入门之后,迎面乃是一大片桃林,穿过桃林,却是一排房舍,正中留下了一条宽约丈许的青石大道。过了这排房舍,陡然一阵花香,袭人心脾,举目望去,前面乃是一片五彩缤纷的花海。
石承先心中暗道:“这么大的花园,倒是自己生平仅见,只不知这于逸是从哪里弄来这么多的异种奇花……”
敢情这一片花海,多是些他前所未见的奇花,如非怕那青衣童子笑话,他此刻一定要出口询问了!
这一片花园,少说也有里许多路,五人走了过去,眼前现出了一栋敞厅。
那敞厅十分高大,乍一看去,倒像是一座凉亭,但是到近前,便可发现,此厅之大,宽横约有五丈,除了迎向来路的一面,完全空敞,其余的三面,均挂有长达一丈五六、光彩耀目的珠帘。
那青衣童子一指敞厅,道:“老堡主为四位准备的酒筵,已然摆在这‘惜花轩’中,请四位入内略息征尘……”
一面引着四人入内,一面接道:“老堡主稍时就来和四位见面了!”
石承先凝目望去,只见这敞厅之中,果然摆了一桌酒菜,阵阵热气,正从菜肴中腾起,显然刚刚起锅送来。
青衣童子这时却一转身,便打开后面的珠帘,独自走去。
齐逖目光一转,喝道:“小兄弟!”
那青衣童子回过头来,道:“尊驾有何见教?”
齐逖道:“咱们远来是客,神机堡如果不是人都死光了,岂会叫你这小子前来接待?”
他居然把神机堡全部骂了,倒是大出那青衣童子意料之外,顿时呆了一呆,道:“尊驾怎可在我神机堡中放肆?”
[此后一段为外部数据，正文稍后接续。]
(* The bound depends on [T] only through [D ^+ T]: each later block weighs
   at most [D ^+ T] times the first one. *)
Lemma wavg_first_block (D M e : R) n T c : 0 < D <= 1 -> (0 < n)%N -> (0 < T)%N ->
  (forall k, (k < T)%N -> c k = e) -> (forall k, (k < n * T)%N -> `|c k - e| <= M) ->
  `|wavg D (n * T) c - e| <= M * n%:R * D ^+ T.
Proof.
move=> /andP[D0 D1] + T0 hce; case: n => // n _ hc.
have m0 : (0 < n.+1 * T)%N by rewrite muln_gt0.
have S0 := sum_expr_gt0 D0 m0.
have head_tail (F : nat -> R) : \sum_(k < n.+1 * T) F k =
    \sum_(0 <= k < T) F k + \sum_(T <= k < n.+1 * T) F k.
  by rewrite -(big_mkord xpredT) -big_cat_nat ?leq_pmull.
set S1 := \sum_(0 <= k < T) D ^+ k; set S2 := \sum_(T <= k < n.+1 * T) D ^+ k.
have S1_gt0 : 0 < S1 by rewrite /S1 big_mkord sum_expr_gt0.
have -> : wavg D (n.+1 * T) c - e =
    (\sum_(T <= k < n.+1 * T) D ^+ k * (c k - e)) / (S1 + S2).
  rewrite /wavg (head_tail (fun k => D ^+ k * c k)) head_tail -/S1 -/S2.
  have -> : \sum_(0 <= k < T) D ^+ k * c k = S1 * e.
    rewrite /S1 mulr_suml big_nat_cond [RHS]big_nat_cond.
    by apply: eq_bigr => k /andP[/andP[_ kT] _]; rewrite hce.
  have -> : \sum_(T <= k < n.+1 * T) D ^+ k * (c k - e) =
      \sum_(T <= k < n.+1 * T) D ^+ k * c k - S2 * e.
    by rewrite mulr_suml -sumrB; apply: eq_bigr => k _; rewrite mulrBr.
  field; rewrite -head_tail gt_eqF //.
have S2_le : S2 <= n.+1%:R * D ^+ T * S1.
  apply: (le_trans (sum_expr_tail n T (ltW D0) D1)).
  apply: ler_wpM2r; first exact: ltW.
  by apply: ler_wpM2r; rewrite ?(exprn_ge0 _ (ltW D0)) // ler_nat.
have M0 : 0 <= M by apply: le_trans (hc 0%N m0).
have S2_ge0 : 0 <= S2 by apply: sumr_ge0 => k _; rewrite exprn_ge0 ?ltW.
have num_le : `|\sum_(T <= k < n.+1 * T) D ^+ k * (c k - e)| <= M * S2.
  rewrite /S2 mulr_sumr; apply: (le_trans (ler_norm_sum _ _ _)).
  rewrite big_nat_cond [X in _ <= X]big_nat_cond.
  apply: ler_sum => k /andP[/andP[_ km] _].
  by rewrite normrM ger0_norm ?exprn_ge0 ?(ltW D0) // mulrC ler_wpM2r ?exprn_ge0 ?(ltW D0) ?hc.
have S12 : 0 < S1 + S2 by rewrite ltr_wpDr.
rewrite normrM normfV (ger0_norm (ltW S12)) ler_pdivrMr //.
apply: (le_trans num_le); apply: (le_trans (ler_wpM2l M0 S2_le)).
rewrite !mulrA; apply: ler_wpM2l; last by rewrite lerDl.
by rewrite !mulr_ge0 ?exprn_ge0 ?(ltW D0).
Qed.

Lemma linear_small (C e : R) : 0 <= C -> 0 < e ->
  exists2 eta, 0 < eta & forall x, x < eta -> C * x <= e.
Proof.
move=> C0 e0; have C1 : 0 < C + 1 by lra.
exists (e / (C + 1)) => [|x xe]; first by rewrite divr_gt0.
apply: (le_trans (ler_wpM2l C0 (ltW xe))).
rewrite mulrA ler_pdivrMr //; nra.
Qed.

Lemma inv_expr_sub_le (x : R) m : 0 < x <= 1 -> 2 * (m%:R * (1 - x)) <= 1 ->
  (x ^+ m)^-1 - x ^+ m <= 4 * m%:R * (1 - x).
Proof.
move=> /andP[x0 x1] hm; have := bernoulli_le m (ltW x0) x1.
have := exprn_gt0 m x0; have := exprn_ile1 m (ltW x0) x1.
set q := x ^+ m => q1 q0 hq.
have -> : q^-1 - q = (1 - q) * (1 + q) / q by field; rewrite gt_eqF.
rewrite ler_pdivrMr //; nra.
Qed.

Lemma near1_inv_expr_sub (C e : R) m : 0 <= C -> 0 < e ->
  exists2 eta, 0 < eta & forall x, 0 < x <= 1 -> 1 - x < eta ->
    C * ((x ^+ m)^-1 - x ^+ m) <= e.
Proof.
move=> C0 e0; have C4 : 0 <= C * (4 * m%:R) by rewrite !mulr_ge0.
have [eta1 eta1_gt0 h1] := linear_small C4 e0.
have m1 : 0 < 2 * m.+1%:R :> R by rewrite mulr_gt0 ?ltr0n.
exists (Num.min eta1 (2 * m.+1%:R)^-1) => [|x hx hxe].
  by rewrite lt_min eta1_gt0 invr_gt0.
rewrite lt_min in hxe; case/andP: hxe => hx1 hx2.
have hm : 2 * (m%:R * (1 - x)) <= 1.
  have : 0 <= 1 - x by case/andP: hx => _; rewrite subr_ge0.
  move: hx2; rewrite -[_^-1]mul1r ltr_pdivlMr // mulrSr; nra.
apply: le_trans (h1 _ hx1); rewrite -mulrA ler_wpM2l //.
exact: inv_expr_sub_le.
Qed.

End Averages.

Section ConvexHull.
Variables (R : realType) (n : nat).

Lemma hull_push (I J : finType) (p : I -> 'I_n -> R) (f : J -> I) (w : J -> R)
    (x : 'I_n -> R) :
  (forall j, 0 <= w j) -> \sum_j w j = 1 ->
  (forall i, x i = \sum_j w j * p (f j) i) -> hull p x.
Proof.
move=> w0 w1 hx; exists (fun b => \sum_(j | f j == b) w j); split.
- by move=> b; apply: sumr_ge0.
- by rewrite -w1 (partition_big f xpredT).
- move=> i; rewrite hx (partition_big f xpredT) //=; apply: eq_bigr => b _.
  by rewrite mulr_suml; apply: eq_bigr => j /eqP <-.
Qed.

Lemma hull_point (I : finType) (p : I -> 'I_n -> R) j : hull p (p j).
Proof.
by apply: (@hull_push _ 'I_1 _ (fun _ => j) (fun _ => 1)) => [//||i];
  rewrite big_ord1 ?mul1r.
Qed.

Lemma hull_convex (I J : finType) (p : I -> 'I_n -> R) (y : J -> 'I_n -> R)
    (w : J -> R) :
  (forall j, hull p (y j)) -> (forall j, 0 <= w j) -> \sum_j w j = 1 ->
  hull p (fun i => \sum_j w j * y j i).
Proof.
move=> /fin_all_exists[v hv] w0 w1; exists (fun a => \sum_j w j * v j a); split.
- by move=> a; apply: sumr_ge0 => j _; rewrite mulr_ge0 //; case: (hv j).
- rewrite exchange_big -[RHS]w1; apply: eq_bigr => j _.
  by rewrite -mulr_sumr; case: (hv j) => _ -> _; rewrite mulr1.
- move=> i; transitivity (\sum_j \sum_a w j * (v j a * p a i)).
    by apply: eq_bigr => j _; case: (hv j) => _ _ ->; rewrite mulr_sumr.
  rewrite exchange_big; apply: eq_bigr => a _; rewrite mulr_suml.
  by apply: eq_bigr => j _; rewrite mulrA.
Qed.

Lemma hull_approx (I J : finType) (p : I -> 'I_n -> R) (q : J -> 'I_n -> R)
    (e : R) (x : 'I_n -> R) :
  hull p x -> (forall j, exists y, hull q y /\ forall i, `|p j i - y i| <= e) ->
  exists y, hull q y /\ forall i, `|x i - y i| <= e.
Proof.
move=> [w [w0 w1 hx]] /fin_all_exists[y hy].
exists (fun i => \sum_j w j * y j i); split.
  by apply: hull_convex => // j; case: (hy j).
by move=> i; rewrite hx; apply: convex_comb_close => // j; case: (hy j) => _ ->.
Qed.

End ConvexHull.

Section Argmax.
Variable R : realType.

Lemma exists_gap (I : finType) (h : I -> R) :
  exists2 g, 0 < g & forall i, 0 < h i -> g <= h i.
Proof.
case: (pickP (fun i => 0 < h i)) => [i0 hi0|none]; last first.
  by exists 1 => // i; rewrite none.
case: (@arg_minP _ _ _ i0 (fun i => 0 < h i) h hi0) => i hi hmin.
by exists (h i).
Qed.

(* Finiteness gives a positive gap between optimal and suboptimal choices. *)
Lemma separable_argmax_stable (I A : finType) (f : I -> A -> R) :
  exists2 e, 0 < e & forall F : {ffun I -> A} -> R,
    (forall y, `|F y - \sum_j f j (y j)| <= e) ->
    forall a, (forall b, F b <= F a) -> forall k a', f k a' <= f k (a k).
Proof.
have [g g0 hg] := exists_gap (fun p : I * A * A => f p.1.1 p.1.2 - f p.1.1 p.2).
exists (g / 3) => [|F hF a amax k a']; first by rewrite divr_gt0.
rewrite leNgt; apply/negP => lt_a.
pose b := [ffun j => if j == k then a' else a j].
have gap : g <= f k a' - f k (a k) by apply: (hg (k, a', a k)); rewrite subr_gt0.
have swap : \sum_j f j (b j) - \sum_j f j (a j) = f k a' - f k (a k).
  rewrite (bigD1 k) //= [X in _ - X](bigD1 k) //= ffunE eqxx.
  rewrite (eq_bigr (fun j => f j (a j))) => [|j /negbTE kj]; last by rewrite ffunE kj.
  by rewrite opprD addrACA subrr addr0.
have := amax b; have := hF a; have := hF b.
rewrite !ler_norml => /andP[? ?] /andP[? ?]; lra.
Qed.

End Argmax.

Section ProductWeights.
Variables (R : realType) (I : finType) (t : I -> R).

Definition prodw (s : {ffun I -> bool}) : R :=
  \prod_j (if s j then t j else 1 - t j).

Lemma prodw_ge0 s : (forall j, 0 <= t j <= 1) -> 0 <= prodw s.
Proof.
by move=> ht; apply: prodr_ge0 => j _; case: (s j); case/andP: (ht j) => ? ?; lra.
Qed.

Lemma sum_prodw_marginal i0 (x y : R) :
  \sum_s prodw s * (if s i0 then x else y) = t i0 * x + (1 - t i0) * y.
Proof.
pose G j (b : bool) := (if b then t j else 1 - t j) *
                       (if j == i0 then (if b then x else y) else 1).
transitivity (\sum_(s : {ffun I -> bool}) \prod_j G j (s j)).
  apply: eq_bigr => s _; rewrite /prodw (bigD1 i0) //= [RHS](bigD1 i0) //= /G eqxx.
  rewrite mulrAC; congr (_ * _).
  by apply: eq_bigr => j /negbTE ->; rewrite mulr1.
rewrite -bigA_distr_bigA (bigD1 i0) //= big_bool /G eqxx /= big1 ?mulr1 // => j ji0.
by rewrite big_bool /= (negbTE ji0) !mulr1 addrC subrK.
Qed.

Lemma sum_prodw : \sum_s prodw s = 1.
Proof.
rewrite /prodw -(bigA_distr_bigA (fun j b => if b then t j else 1 - t j)).
by apply: big1 => j _; rewrite big_bool /= addrC subrK.
Qed.

End ProductWeights.

Section Game.
Variables (R : realType) (n : nat) (A : finType).
Variables (u : 'I_n -> A -> R) (lam : 'I_n -> R).
Hypothesis n_gt0 : (0 < n)%N.

Let Mu : R := \sum_i \sum_a `|u i a|.
Let Lam : R := \sum_i `|lam i|.

Lemma Mu_ge0 : 0 <= Mu.
Proof. by do 2!apply: sumr_ge0 => ? _. Qed.

Lemma Lam_ge0 : 0 <= Lam.
Proof. exact: sumr_ge0. Qed.

Lemma normu_le i a : `|u i a| <= Mu.
Proof.
rewrite /Mu (bigD1 i) //= (bigD1 a) //= -addrA lerDl.
by rewrite addr_ge0 ?sumr_ge0 // => j _; apply: sumr_ge0.
Qed.

Lemma normu_sub_le i a b : `|u i a - u i b| <= 2 * Mu.
Proof. by rewrite mulr2n mulrDl mul1r (le_trans (ler_normB _ _)) // lerD ?normu_le. Qed.

Lemma vD_mean (D : R) a i : 0 < D <= 1 ->
  `|vD u D a i - (\sum_j u i (a j)) / n%:R| <= Mu * ((D ^+ n)^-1 - D ^+ n).
Proof.
move=> hD; have := wavg_mean (c := fun k => u i (a (cycidx i (i + k)))) hD n_gt0.
by rewrite (sum_cycidx i i (fun j => u i (a j))); apply=> k _; apply: normu_le.
Qed.

Lemma vD_head (D : R) a i : 0 < D <= 1 ->
  `|vD u D a i - u i (a i)| <= 2 * Mu * n%:R * D.
Proof.
move=> hD; have := wavg_first_block (M := 2 * Mu) (e := u i (a i)) (T := 1)
  (c := fun k => u i (a (cycidx i (i + k)))) hD n_gt0 isT.
rewrite muln1 expr1; apply=> [k|k _]; last exact: normu_sub_le.
rewrite ltnS leqn0 => /eqP ->; rewrite addn0 (_ : cycidx i i = i) //.
by apply: val_inj; rewrite /= modn_small.
Qed.

Lemma W_close (D : R) a (L : 'I_n -> R) (E : R) :
  (forall i, `|vD u D a i - L i| <= E) ->
  `|W u lam a D - \sum_i lam i * L i| <= Lam * E.
Proof.
move=> h; rewrite /W -sumrB; apply: (le_trans (ler_norm_sum _ _ _)).
by rewrite /Lam mulr_suml; apply: ler_sum => i _; rewrite -mulrBr normrM ler_wpM2l.
Qed.

Lemma W_mean (D : R) a : 0 < D <= 1 ->
  `|W u lam a D - \sum_j dotu u lam (a j) / n%:R| <=
    Lam * Mu * ((D ^+ n)^-1 - D ^+ n).
Proof.
move=> hD; have -> : \sum_j dotu u lam (a j) / n%:R =
    \sum_i lam i * ((\sum_j u i (a j)) / n%:R).
  rewrite -mulr_suml exchange_big mulr_suml; apply: eq_bigr => i _.
  by rewrite mulrA mulr_sumr.
by rewrite -mulrA; apply: W_close => i; apply: vD_mean.
Qed.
齐逖冷笑道:“放肆又待如何?你赶快去告诉那于逸,就说我齐某人在此候驾!”
那青衣童子冷冷的接道:“好!我这就去……”余音未已,忽然一阵叮叮当当的环佩之声传入耳中,两名十七八岁的娇美小婢,姗姗行来。
二女走到四人身前,福了一福,道:“我家小姐来了……”
四人刚自怔得一怔,只听得一声娇笑,打那珠帘之后传来,一位年约二十出头的绿衣少女,款款而来。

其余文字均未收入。